Block outlined the crux of this more than twenty years ago: “A short story or novel constitutes a subtly different experience for every person who reads it, simply because each reader brings a different perspective and background to bear upon what he reads[. . .]The best we can do is write as carefully and as honestly as we can and let the reader make of our work what he will. If we write well, enough people will get enough of the message.”

So, who are readers, and how do we write for them? This issue strikes me as an elitist, ivory tower problem. Looking around the room at my fellow writers collected on a Wednesday evening, I see less danger of squeezing out the reader. We are not locked in higher education environments. We are chemists, teachers, parents, partners, and writers. One foot in the ordinary world, and one foot in the writing world.

Perhaps we are just putting our finger on the widening fault line between literary and genre novels. Those of us who seek to straddle the two (I would include myself here) face an increasingly difficult task. And those of us who unabashedly aim for salability and readability in our works need feel less ashamed. By shirking the masses, maybe the highest literary MFA-driven, conference-attending, adjunct-teaching, upper echelon of writers who write for other writers will go the way of the dinosaurs?

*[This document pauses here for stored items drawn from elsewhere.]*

(* Let $\mathcal{M}$ be a CTMC with $E(s)=1$ for all states $s$ and a unique absorbing goal state $g$; let $\delta>0$, $c=e^{\delta}$, $\mathcal{M}'=c\cdot\mathcal{M}$, $t\geq0$, and $N=\left\lceil\frac{(e^{\delta}-1)t}{\delta}\right\rceil$. Then $$\mathrm{Diff}_t(\mathcal{M}):=\left|\mathrm{Pr}^{\mathcal{M}'}(\lozenge^{\leq t}g)-\mathrm{Pr}^{\mathcal{M}}(\lozenge^{\leq t}g)\right|\leq\mathrm{Diff}_t(\mathcal{E}_N)=\sum_{k=0}^{N-1}\frac{t^k}{k!}\left(e^{-t}-c^ke^{-ct}\right).$$
   Context: In a CTMC the process stays in state $s$ an exponentially distributed time with rate $E(s)$ and then jumps to $s'$ with probability $P(s,s')$. $c\cdot\mathcal{M}$ is obtained by multiplying all exit rates by $c$. $\mathrm{Pr}^{\mathcal{M}}(\lozenge^{\leq t}g)$: probability of reaching $g$ from the initial state within time $t$. The Erlang CTMC $\mathcal{E}_N$ has states $s_0,\dots,s_{N-1},s_N=g$, initial state $s_0$ (only $g$ if $N=0$), all exit rates $1$, $P(s_i,s_{i+1})=1$ for $i<N$, $P(g,g)=1$, with $g$ labeled differently from the equally labeled $s_0,\dots,s_{N-1}$; $\mathrm{Diff}_t(\mathcal{E}_N)=|\mathrm{Pr}^{\mathcal{E}_N}(\lozenge^{\leq t}g)-\mathrm{Pr}^{c\cdot\mathcal{E}_N}(\lozenge^{\leq t}g)|$. *)

From HB Require Import structures.
From mathcomp Require Import all_boot all_order all_algebra.
From mathcomp Require Import all_classical all_reals all_analysis.
Set Implicit Arguments. Unset Strict Implicit. Unset Printing Implicit Defensive.
Import Order.TTheory GRing.Theory Num.Theory.
Import numFieldNormedType.Exports.
Local Open Scope classical_set_scope.
Local Open Scope ring_scope.

(* A CTMC over a finite state space S is given by exit rates E : S -> R,
   a (stochastic) jump matrix P : S -> S -> R and an initial state s0. *)

(* reach_within E P G n s t = probability, starting in s, of reaching the
   goal set G within time t using at most n jumps.  This is the n-th Kleene
   iterate (from 0) of the standard Volterra integral characterization of
   time-bounded reachability in CTMCs (Baier-Haverkort-Hermanns-Katoen):
     Pr(s, <>^{<=t} G) = 1                                     if s in G
                       = int_0^t E(s) e^{-E(s)x} sum_s' P(s,s') Pr(s', <>^{<=t-x} G) dx
                                                                otherwise. *)
Fixpoint reach_within (R : realType) (S : finType) (E : S -> R)
    (P : S -> S -> R) (G : pred S) (n : nat) (s : S) (t : R) : R :=
  if s \in G then 1 else
  match n with
  | 0%N => 0
  | n'.+1 => \int[lebesgue_measure]_(x in `[0, t])
       (E s * expR (- (E s * x)) *
        \sum_(s' : S) P s s' * reach_within E P G n' s' (t - x))
  end.

Definition reach_prob (R : realType) (S : finType) (E : S -> R)
    (P : S -> S -> R) (s0 : S) (G : pred S) (t : R) : R :=
  limn (fun n => reach_within E P G n s0 t).

Definition scale_rates (R : realType) (S : finType) (c : R) (E : S -> R) : S -> R :=
  fun s => c * E s.

Definition Diff (R : realType) (S : finType) (E : S -> R) (P : S -> S -> R)
    (s0 g : S) (c t : R) : R :=
  `| reach_prob E P s0 (pred1 g) t - reach_prob (scale_rates c E) P s0 (pred1 g) t |.

(* The Erlang CTMC E_N: states s_0,...,s_{N-1}, s_N = g, encoded as 'I_N.+1,
   with g = ord_max, initial state ord0 (= g when N = 0), all rates 1,
   P(s_i,s_{i+1}) = 1 for i < N and P(g,g) = 1. *)
Definition erlang_rate (R : realType) (N : nat) : 'I_N.+1 -> R := fun _ => 1.

Definition erlang_P (R : realType) (N : nat) : 'I_N.+1 -> 'I_N.+1 -> R :=
  fun i j => if i == ord_max then (j == ord_max)%:R
             else ((nat_of_ord j) == (nat_of_ord i).+1)%:R.

Definition Diff_erlang (R : realType) (N : nat) (c t : R) : R :=
  Diff (@erlang_rate R N) (@erlang_P R N) ord0 ord_max c t.

From HB Require Import structures.
From mathcomp Require Import all_boot all_order all_algebra.
From mathcomp Require Import all_classical all_reals all_analysis.
From mathcomp Require Import ring lra.
Set Implicit Arguments.
Unset Strict Implicit.
Unset Printing Implicit Defensive.
Import Order.TTheory GRing.Theory Num.Theory.
Import numFieldNormedType.Exports.
Local Open Scope ring_scope.

(* With all exit rates equal to r, the time of the k-th jump is Erlang(k, r)
   distributed independently of the jump chain, so the probability of reaching
   the goal within t is sum_k h_k F_k(r t), where h_k is the probability that
   the jump chain first enters the goal at step k and F_k is the Erlang-k
   distribution function.  As sum_k h_k <= 1, Diff_t(M) is at most
   sup_k (F_k(c t) - F_k(t)).  This gap grows with k exactly as long as the
   Poisson weight e^(-t) t^k/k! exceeds e^(-c t) (c t)^k/k!, i.e. as long as
   k delta < (e^delta - 1) t, so it peaks at k = N; the Erlang chain E_N has
   h_k = [k = N] and attains the bound. *)

Section RealIntegrals.
Variable R : realType.
Local Notation mu := (@lebesgue_measure R).

Lemma derivable_continuous (F : R -> R) :
  (forall x : R, derivable F x 1) -> continuous F.
Proof. by move=> dF x; apply/differentiable_continuous/derivable1_diffP. Qed.

Lemma Rintegral_FTC2 (f F : R -> R) (a b : R) : a <= b ->
  (forall x : R, is_derive x 1 F (f x)) -> continuous f ->
  \int[mu]_(x in `[a, b]) f x = F b - F a.
Proof.
rewrite le_eqVlt => /predU1P[<- _ _|ab dF cf].
  by rewrite set_itv1 Rintegral_set1 subrr.
have cF : continuous F by apply: derivable_continuous => x; case: (dF x).
rewrite /Rintegral (continuous_FTC2 (F := F) ab); first by rewrite -EFinB.
- exact: continuous_subspaceT.
- split; first by move=> x _; case: (dF x).
  + exact/cvg_at_right_filter/cF.
  + exact/cvg_at_left_filter/cF.
- by move=> x _; rewrite derive1E derive_val.
Qed.
Lemma condP_of_positive : is_positive t -> condP t.
Proof.
move=> hpos v I hI hs.
pose z := LAdd (LV K v) (LScale (-1) (lsum [seq LMul (LE K e) (LG K e) | e <- I])).
pose x0 : monomial K E := Monomial 1 v [::] v [::].
pose loop e : monomial K E := Monomial (-1) v [:: e] v [:: e].
have hF : wf_monomials (x0 :: map loop I).
  by move=> m [<-|/List.in_map_iff [e [<- he]]] //; split=> //=; rewrite (hs e he).
have ez : leqv z (msum (x0 :: map loop I)).
  rewrite /z /msum /= /mterm /= ax_scale1 rel_V1 lscale_sum -!map_comp.
  by apply: leqv_add => //; apply: eq_lsum_map => e _ /=; rewrite rel_E1r rel_E2r.
have g00 : gram x0 x0 = vtrace v by rewrite gram_ghost_free //= asboolT.
have g0e e : gram x0 (loop e) = vtrace (grng e).
  by rewrite (gram_ghost_extends t (s := [:: e])) //= asboolT.
have gee e f : gram (loop e) (loop f) = if `[< e = f >] then vtrace (grng e) else 0.
  case: asboolP => [<-|ne]; first by rewrite (gram_ghost_extends t (s := [::])) //= asboolT.
  by rewrite gram_ghost_incomparable //= => s [fe _]; apply: ne; rewrite fe.
suff <- : t (LMul z (lstar ks z)) =
    t (LAdd (LV K v) (LScale (-1) (lsum [seq LV K (grng e) | e <- I]))).
  by apply: hpos; exists [:: z]; symmetry; apply: ax_add0.
rewrite (trace_leqv Htr (leqv_mul ez (leqv_lstar Hks ez))) (trace_norm_msum Hks Htr Hlin Hcan hF).
rewrite trace_condP_term /gram_form !big_cons big_map /gram_entry /= g00 (ks1 Hks) mulr1 scale1r.
have row0 : \sum_(e <- I) (1 * ks (-1)) *: gram x0 (loop e) = - \sum_(e <- I) vtrace (grng e).
  by rewrite -sumrN; apply: eq_bigr => e _; rewrite g0e (ksN Hks) (ks1 Hks) mul1r scaleN1r.
have rows : \sum_(e <- I) \sum_(y <- x0 :: map loop I)
    (mcoef (loop e) * ks (mcoef y)) *: gram (loop e) y = 0.
  rewrite (eq_big_List_In (g := fun=> 0)) ?big1 // => e he.
  rewrite big_cons big_map /= gramC g0e (ks1 Hks) mulr1 scaleN1r.
  rewrite (eq_bigr (fun f => if `[< e = f >] then vtrace (grng e) else 0)).
    by rewrite sum_delta // addNr.
  by move=> f _; rewrite gee /= (ksN Hks) (ks1 Hks) mulrNN mulr1 scale1r.
by rewrite big_map row0 rows addr0.
Qed.

End PositiveTraces.

Theorem theorem3p4 (K : fieldType) (ks : K -> K) (Hks : field_involution ks)
  (E : graph) (R : invAlg ks) (t : lterm K E -> R) :
  is_trace t -> is_Klinear t -> is_canonical t ->
  (is_positive t <-> condP t).
Proof.
move=> Htr Hlin Hcan.
by split; [apply: condP_of_positive | apply: positive_of_condP].
Qed.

Lest I come off as too harshly critical of MFA programs, writing absolutely is a set of skills that can be taught. At their best, MFA programs are designed to do just this. To foster confidence in the execution of craft that can lead to wildness and vulnerability in the subject matter. But the ability to see and convey truth, to speak to a reader and move him or her without over-explaining and condescending, is an art. And art is stifled by closed environments and over-valued rule books. A writer, through trial and error, could perhaps land on the best crafting of stories. But given only the lessons of craft, and sealed off from the larger world, a writer risks going deaf to the murmurations of truth, the concerns and motivations of her readers.

The writer, if she is going to be a lightening rod for truth, and not merely a wordsmith, must trace the inevitable cycle of seers and sages of every stripe. Time alone on the mountaintop for the act of creation must be balanced by trips to the proverbial village, where the work is gifted to the world and the writer can drink in the cultural garb necessary to make her work relevant in contemporary society.

The acquisition of technical prowess is a slow and steady climb balanced by the grounding of our shared human experience. When you spend time in the world, and come to know your reader intimately, you will no longer underestimate their abilities or your own. You will leave space for their experience, and they will reward you with their readership.